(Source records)
******************************

Lemma psi_derive t : 0 < t -> is_derive t 1 psi (- G (psi t)).
Proof.
move=> t0; have /andP[x0 x1] := psi_in01 t0; have [_ p_psi] := psiP (ltW t0).
set x := psi t in x0 x1 p_psi *.
have x01 : x \in `]0, 1[ by rewrite in_itv/= x0 x1.
have near01 := near_in_itvoo x01.
have p_psiK : {near x, cancel p psi}.
  near=> y; have : y \in `]0, 1[ by near: y.
  by rewrite in_itv/= => /andP[y0 y1]; rewrite /psi -phiE // phi_inv_phi // !ltW.
have p_cont : {near x, continuous p}.
  near=> y; have : y \in `]0, 1[ by near: y.
  by rewrite in_itv/= => /andP[y0 _]; exact: is_derive_continuous (p_derive y0).
have dpx_neq0 : dp x != 0 by rewrite lt_eqF // dp_lt0 // x0 x1.
have := is_derive_inverse p_psiK p_cont (p_derive x0) dpx_neq0.
by rewrite p_psi GE ?x0 // opprK.
Unshelve. all: by end_near.
Qed.

Lemma signed_monotone_psi n : signed_monotone (fun x => 0 < x) (-1) n psi.
Proof.
have psi_ge0 t : 0 < t -> 0 <= psi t by move=> t0; case: (psiP (ltW t0)) => /andP[/ltW].
elim: n => [|n IH]; (split; first exact: psi_ge0) => //.
exists (fun t => - G (psi t)) => [t t0|]; first exact: psi_derive.
have -> : (fun t => -1 * - G (psi t)) = G \o psi by apply: funext => t; rewrite mulN1r opprK.
exact: signed_monotone_comp psi_in01 (G_abs_monotone _) IH.
Qed.

Lemma psi_cvg0 : psi t @[t --> 0^'+] --> psi 0.
Proof.
rewrite psi0; apply/cvgrPdist_le => e e0.
pose e' := Num.min e (1 / 2).
have e'0 : 0 < e' by rewrite lt_min e0 divr_gt0 ?ltr01 ?ltr0n.
have e'_le : e' <= 1 / 2 by rewrite ge_min lexx orbT.
have y0 : 0 < 1 - e'.
  by rewrite subr_gt0 (le_lt_trans e'_le) // ltr_pdivrMr ?ltr0n // mul1r ltr1n.
have y1 : 1 - e' < 1 by rewrite ltrBlDr ltrDl.
(* For [0 < t < p (1 - e')], monotonicity of [p] gives [1 - e' <= psi t <= 1]. *)
near=> t.
have t0 : 0 < t by near: t; exact: nbhs_right_gt.
have t_lt : t < p (1 - e') by near: t; apply: nbhs_right_lt; rewrite -p1 p_decreasing.
have [/andP[psi_gt0 psi_le1] p_psi] := psiP (ltW t0).
have y_le : 1 - e' <= psi t.
  rewrite leNgt; apply/negP => psi_lt.
  have := p_decreasing psi_gt0 psi_lt (ltW y1).
  by rewrite p_psi => /(lt_trans t_lt); rewrite ltxx.
have : e' <= e by rewrite ge_min lexx.
by rewrite ger0_norm ?subr_ge0 //; move: y_le; lra.
Unshelve. all: by end_near.
Qed.

Lemma cmonotone_psi n : cmonotone n psi.
Proof. by split; [exact: signed_monotone_psi | rewrite psi0 | exact: psi_cvg0]. Qed.

Lemma phi_ge0 x : 0 <= x <= 1 -> (0 <= phi x)%E.
Proof.
case/andP; rewrite le_eqVlt => /predU1P[<-|x0 x1]; first by rewrite phi0 leey.
by rewrite phiE // lee_fin p_ge0 // x0 x1.
Qed.

Lemma sum_phi_oo d (u : 'I_d -> R) i : in_unit_cube u -> phi (u i) = +oo%E ->
  (\sum_(j < d) phi (u j))%E = +oo%E.
Proof.
move=> u01 phi_ui; rewrite (bigD1 i) //= phi_ui addye //.
have : (0 <= \sum_(j < d | j != i) phi (u j))%E by apply: sume_ge0 => j _; apply: phi_ge0.
by case: (\sum_(j < d | j != i) phi (u j))%E.
Qed.

Lemma archC_grounded d (u : 'I_d -> R) :
  in_unit_cube u -> (exists i, u i = 0) -> archC phi u = 0.
Proof.
by move=> u01 [i ui0]; rewrite /archC (@sum_phi_oo _ _ i) ?ui0 // phi_inv_oo.
Qed.

Lemma archC_margin d (u : 'I_d -> R) i :
  in_unit_cube u -> (forall j, j != i -> u j = 1) -> archC phi u = u i.
Proof.
move=> u01 u1; rewrite /archC (bigD1 i) //= big1 ?adde0; first exact: phi_inv_phi.
by move=> j ji; rewrite u1 // phiE ?ltr01 // p1.
Qed.

(* In the coordinates [t_i = p (u_i)], the vertices of a box are the points
   [z + \sum_(i in T) h i]; a coordinate [a_i = 0] is at infinity. *)
Lemma archC_box_vertex d (a b : 'I_d -> R) (T : {set 'I_d}) :
  in_unit_cube a -> (forall i, 0 < b i <= 1) ->
  archC phi (fun i => if i \in T then a i else b i) =
  box_vertex psi [set i | a i == 0]%SET (fun i => if a i == 0 then 0 else p (a i) - p (b i))
    (\sum_i p (b i)) T.
Proof.
move=> a01 b01; set c := fun i => _.
have c01 : in_unit_cube c.
  by move=> i; rewrite /c; case: ifP => _; [exact: a01 | case/andP: (b01 i) => /ltW ->].
rewrite /box_vertex; case: ifP => [TB|/negbT].
  have c_gt0 i : 0 < c i.
    rewrite /c; case: ifPn => iT; last by case/andP: (b01 i).
    have /andP[a0 _] := a01 i; rewrite lt_def a0 andbT.
    by have := disjointFr TB iT; rewrite inE => /negbT.
  rewrite /archC (eq_bigr (fun i => (p (c i))%:E)) => [|i _]; last exact/phiE/c_gt0.
  rewrite sumEFin /psi [X in _ + X]big_mkcond -big_split /=; congr (phi_inv phi _%:E).
  apply: eq_bigr => i _; rewrite /c; case: ifPn => iT; last by rewrite addr0.
  by have := disjointFr TB iT; rewrite inE => ->; rewrite addrC subrK.
rewrite -setI_eq0 => /set0Pn[i]; rewrite inE => /andP[iT /[1!inE] /eqP ai0].
by apply: archC_grounded c01 _; exists i; rewrite /c iT.
Qed.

******************************

EXERCISE GOAL: Every line above with the string "else" in it should be copied into the answer.

RESPONSE TO THIS EXERCISE:
  archC phi (fun i => if i \in T then a i else b i) =
  box_vertex psi [set i | a i == 0]%SET (fun i => if a i == 0 then 0 else p (a i) - p (b i))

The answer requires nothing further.